◆ Problem to solve ◆
Pick each line containing "ones" out of the records.
(Material supplied Opens)
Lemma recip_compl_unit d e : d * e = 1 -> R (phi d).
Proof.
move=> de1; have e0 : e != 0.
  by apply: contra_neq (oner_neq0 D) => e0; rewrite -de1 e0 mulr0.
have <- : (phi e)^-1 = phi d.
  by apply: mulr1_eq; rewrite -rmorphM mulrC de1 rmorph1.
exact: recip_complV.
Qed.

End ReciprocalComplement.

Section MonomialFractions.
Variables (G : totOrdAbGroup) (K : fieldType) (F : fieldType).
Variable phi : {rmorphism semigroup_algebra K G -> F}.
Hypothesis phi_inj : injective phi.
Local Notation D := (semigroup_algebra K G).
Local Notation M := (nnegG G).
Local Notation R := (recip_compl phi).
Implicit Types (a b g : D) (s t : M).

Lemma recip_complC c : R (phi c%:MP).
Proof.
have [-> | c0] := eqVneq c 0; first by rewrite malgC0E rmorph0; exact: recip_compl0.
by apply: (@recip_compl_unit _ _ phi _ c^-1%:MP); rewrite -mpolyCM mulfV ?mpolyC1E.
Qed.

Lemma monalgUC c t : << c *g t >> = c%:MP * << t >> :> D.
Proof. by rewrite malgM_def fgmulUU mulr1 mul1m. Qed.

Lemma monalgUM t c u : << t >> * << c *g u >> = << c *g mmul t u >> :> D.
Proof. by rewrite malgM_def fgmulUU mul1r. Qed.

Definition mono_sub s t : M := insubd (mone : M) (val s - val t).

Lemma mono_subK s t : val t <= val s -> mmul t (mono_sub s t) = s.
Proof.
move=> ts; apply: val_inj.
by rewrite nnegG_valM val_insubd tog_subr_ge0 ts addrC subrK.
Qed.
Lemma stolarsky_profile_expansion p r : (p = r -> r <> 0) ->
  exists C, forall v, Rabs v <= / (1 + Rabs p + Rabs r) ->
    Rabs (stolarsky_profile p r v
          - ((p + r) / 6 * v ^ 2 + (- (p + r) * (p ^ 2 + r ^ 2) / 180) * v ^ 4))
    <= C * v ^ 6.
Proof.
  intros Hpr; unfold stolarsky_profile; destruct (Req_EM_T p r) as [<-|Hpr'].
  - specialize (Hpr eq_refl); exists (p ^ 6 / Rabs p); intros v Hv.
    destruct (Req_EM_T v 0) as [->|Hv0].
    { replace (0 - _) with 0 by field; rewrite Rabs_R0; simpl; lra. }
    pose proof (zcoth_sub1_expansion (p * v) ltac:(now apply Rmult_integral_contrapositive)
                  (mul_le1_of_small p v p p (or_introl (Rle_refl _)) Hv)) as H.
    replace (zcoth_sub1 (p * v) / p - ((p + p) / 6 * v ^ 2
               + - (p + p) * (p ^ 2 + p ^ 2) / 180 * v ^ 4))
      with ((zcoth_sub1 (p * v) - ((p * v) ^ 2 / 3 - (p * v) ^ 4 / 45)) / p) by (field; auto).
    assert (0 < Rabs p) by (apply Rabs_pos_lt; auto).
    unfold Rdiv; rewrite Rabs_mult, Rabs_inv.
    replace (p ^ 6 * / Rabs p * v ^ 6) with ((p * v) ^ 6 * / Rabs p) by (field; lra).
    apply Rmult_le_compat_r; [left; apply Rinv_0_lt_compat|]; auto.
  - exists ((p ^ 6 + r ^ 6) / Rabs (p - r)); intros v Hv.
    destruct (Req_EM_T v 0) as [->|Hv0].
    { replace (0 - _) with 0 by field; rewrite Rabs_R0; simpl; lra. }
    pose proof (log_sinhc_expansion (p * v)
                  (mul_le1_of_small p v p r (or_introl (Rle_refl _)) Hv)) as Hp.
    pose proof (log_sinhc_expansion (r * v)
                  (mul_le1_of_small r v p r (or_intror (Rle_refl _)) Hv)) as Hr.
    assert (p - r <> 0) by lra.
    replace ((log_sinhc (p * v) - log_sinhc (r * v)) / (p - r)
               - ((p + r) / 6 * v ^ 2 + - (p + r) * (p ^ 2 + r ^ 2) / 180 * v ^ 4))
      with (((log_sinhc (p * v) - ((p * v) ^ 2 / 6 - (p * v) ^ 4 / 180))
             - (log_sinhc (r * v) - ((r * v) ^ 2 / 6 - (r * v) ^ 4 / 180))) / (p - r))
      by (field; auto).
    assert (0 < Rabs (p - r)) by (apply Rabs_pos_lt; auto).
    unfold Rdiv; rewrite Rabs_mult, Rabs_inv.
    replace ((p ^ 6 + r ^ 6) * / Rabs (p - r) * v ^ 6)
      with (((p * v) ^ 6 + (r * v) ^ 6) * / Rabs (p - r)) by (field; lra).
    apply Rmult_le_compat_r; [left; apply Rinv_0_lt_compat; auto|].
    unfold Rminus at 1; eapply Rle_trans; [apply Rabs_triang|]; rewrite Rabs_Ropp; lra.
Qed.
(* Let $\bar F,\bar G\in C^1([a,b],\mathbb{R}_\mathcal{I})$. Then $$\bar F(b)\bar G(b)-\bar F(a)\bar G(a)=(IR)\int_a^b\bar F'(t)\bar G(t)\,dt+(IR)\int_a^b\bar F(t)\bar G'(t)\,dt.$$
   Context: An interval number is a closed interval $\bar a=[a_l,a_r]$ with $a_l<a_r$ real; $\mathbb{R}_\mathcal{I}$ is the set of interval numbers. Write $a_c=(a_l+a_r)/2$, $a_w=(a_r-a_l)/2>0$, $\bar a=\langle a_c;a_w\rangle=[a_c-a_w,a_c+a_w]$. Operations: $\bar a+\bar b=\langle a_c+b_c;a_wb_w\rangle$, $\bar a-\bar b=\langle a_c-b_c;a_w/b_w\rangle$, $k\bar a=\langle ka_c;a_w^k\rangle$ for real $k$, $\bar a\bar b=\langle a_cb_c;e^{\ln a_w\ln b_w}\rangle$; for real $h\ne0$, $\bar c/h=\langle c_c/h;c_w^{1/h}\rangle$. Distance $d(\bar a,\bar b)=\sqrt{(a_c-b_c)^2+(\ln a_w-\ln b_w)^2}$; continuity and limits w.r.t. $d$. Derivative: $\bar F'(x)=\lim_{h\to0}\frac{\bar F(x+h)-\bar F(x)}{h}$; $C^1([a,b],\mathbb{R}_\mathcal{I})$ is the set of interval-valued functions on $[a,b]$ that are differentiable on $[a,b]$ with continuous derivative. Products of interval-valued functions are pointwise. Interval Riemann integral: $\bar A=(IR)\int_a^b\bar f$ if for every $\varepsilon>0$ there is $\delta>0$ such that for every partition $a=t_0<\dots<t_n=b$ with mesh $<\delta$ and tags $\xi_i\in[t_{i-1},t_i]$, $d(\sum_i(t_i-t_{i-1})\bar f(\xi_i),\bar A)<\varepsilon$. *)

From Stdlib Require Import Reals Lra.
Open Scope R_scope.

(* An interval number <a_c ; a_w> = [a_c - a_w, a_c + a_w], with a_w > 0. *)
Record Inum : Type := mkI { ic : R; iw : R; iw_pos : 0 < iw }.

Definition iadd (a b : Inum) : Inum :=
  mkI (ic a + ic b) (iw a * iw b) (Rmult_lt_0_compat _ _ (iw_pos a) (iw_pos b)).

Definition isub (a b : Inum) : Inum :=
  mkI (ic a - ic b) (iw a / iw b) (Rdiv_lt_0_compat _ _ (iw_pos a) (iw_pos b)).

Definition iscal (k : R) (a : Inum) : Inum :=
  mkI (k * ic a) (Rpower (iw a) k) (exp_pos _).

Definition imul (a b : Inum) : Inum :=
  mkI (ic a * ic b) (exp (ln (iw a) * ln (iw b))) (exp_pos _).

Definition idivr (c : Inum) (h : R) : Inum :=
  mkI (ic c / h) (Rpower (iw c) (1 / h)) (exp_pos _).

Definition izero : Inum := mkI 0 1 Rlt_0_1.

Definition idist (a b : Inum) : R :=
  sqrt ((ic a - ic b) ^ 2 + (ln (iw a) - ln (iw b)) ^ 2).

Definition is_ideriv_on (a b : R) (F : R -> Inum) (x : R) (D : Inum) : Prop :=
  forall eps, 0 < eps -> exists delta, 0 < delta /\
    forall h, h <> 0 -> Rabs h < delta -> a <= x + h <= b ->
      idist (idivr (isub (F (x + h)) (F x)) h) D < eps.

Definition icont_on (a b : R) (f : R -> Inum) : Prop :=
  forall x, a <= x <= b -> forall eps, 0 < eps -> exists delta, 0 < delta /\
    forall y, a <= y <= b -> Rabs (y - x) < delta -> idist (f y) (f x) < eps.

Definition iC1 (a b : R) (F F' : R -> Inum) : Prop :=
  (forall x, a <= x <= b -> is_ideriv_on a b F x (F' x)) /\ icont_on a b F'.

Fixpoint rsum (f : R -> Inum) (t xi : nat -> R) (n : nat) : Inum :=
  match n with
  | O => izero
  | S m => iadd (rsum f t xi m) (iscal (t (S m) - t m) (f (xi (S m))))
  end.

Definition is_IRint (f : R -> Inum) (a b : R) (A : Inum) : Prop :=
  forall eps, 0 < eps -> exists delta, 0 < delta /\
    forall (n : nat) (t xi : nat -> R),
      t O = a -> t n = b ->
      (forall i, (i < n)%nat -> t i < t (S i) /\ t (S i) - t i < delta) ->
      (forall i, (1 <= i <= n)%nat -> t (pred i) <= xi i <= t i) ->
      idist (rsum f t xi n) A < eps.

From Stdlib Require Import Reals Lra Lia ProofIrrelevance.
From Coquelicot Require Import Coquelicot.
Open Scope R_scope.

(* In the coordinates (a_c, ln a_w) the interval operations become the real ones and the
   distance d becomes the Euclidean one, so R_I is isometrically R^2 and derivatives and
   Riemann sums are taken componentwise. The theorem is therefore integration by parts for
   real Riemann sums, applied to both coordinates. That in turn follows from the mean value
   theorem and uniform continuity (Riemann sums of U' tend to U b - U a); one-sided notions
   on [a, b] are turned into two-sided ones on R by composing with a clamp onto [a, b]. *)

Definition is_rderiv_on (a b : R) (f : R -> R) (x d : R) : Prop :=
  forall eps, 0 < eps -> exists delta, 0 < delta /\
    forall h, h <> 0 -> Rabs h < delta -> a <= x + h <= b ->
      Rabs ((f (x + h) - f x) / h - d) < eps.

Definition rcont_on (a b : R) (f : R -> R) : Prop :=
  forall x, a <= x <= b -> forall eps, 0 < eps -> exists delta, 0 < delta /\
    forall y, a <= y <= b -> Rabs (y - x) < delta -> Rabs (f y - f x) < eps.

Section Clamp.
(Material supplied Closes)
◆ Task solution ◆
(* In the coordinates (a_c, ln a_w) the interval operations become the real ones and the
   on [a, b] are turned into two-sided ones on R by composing with a clamp onto [a, b]. *)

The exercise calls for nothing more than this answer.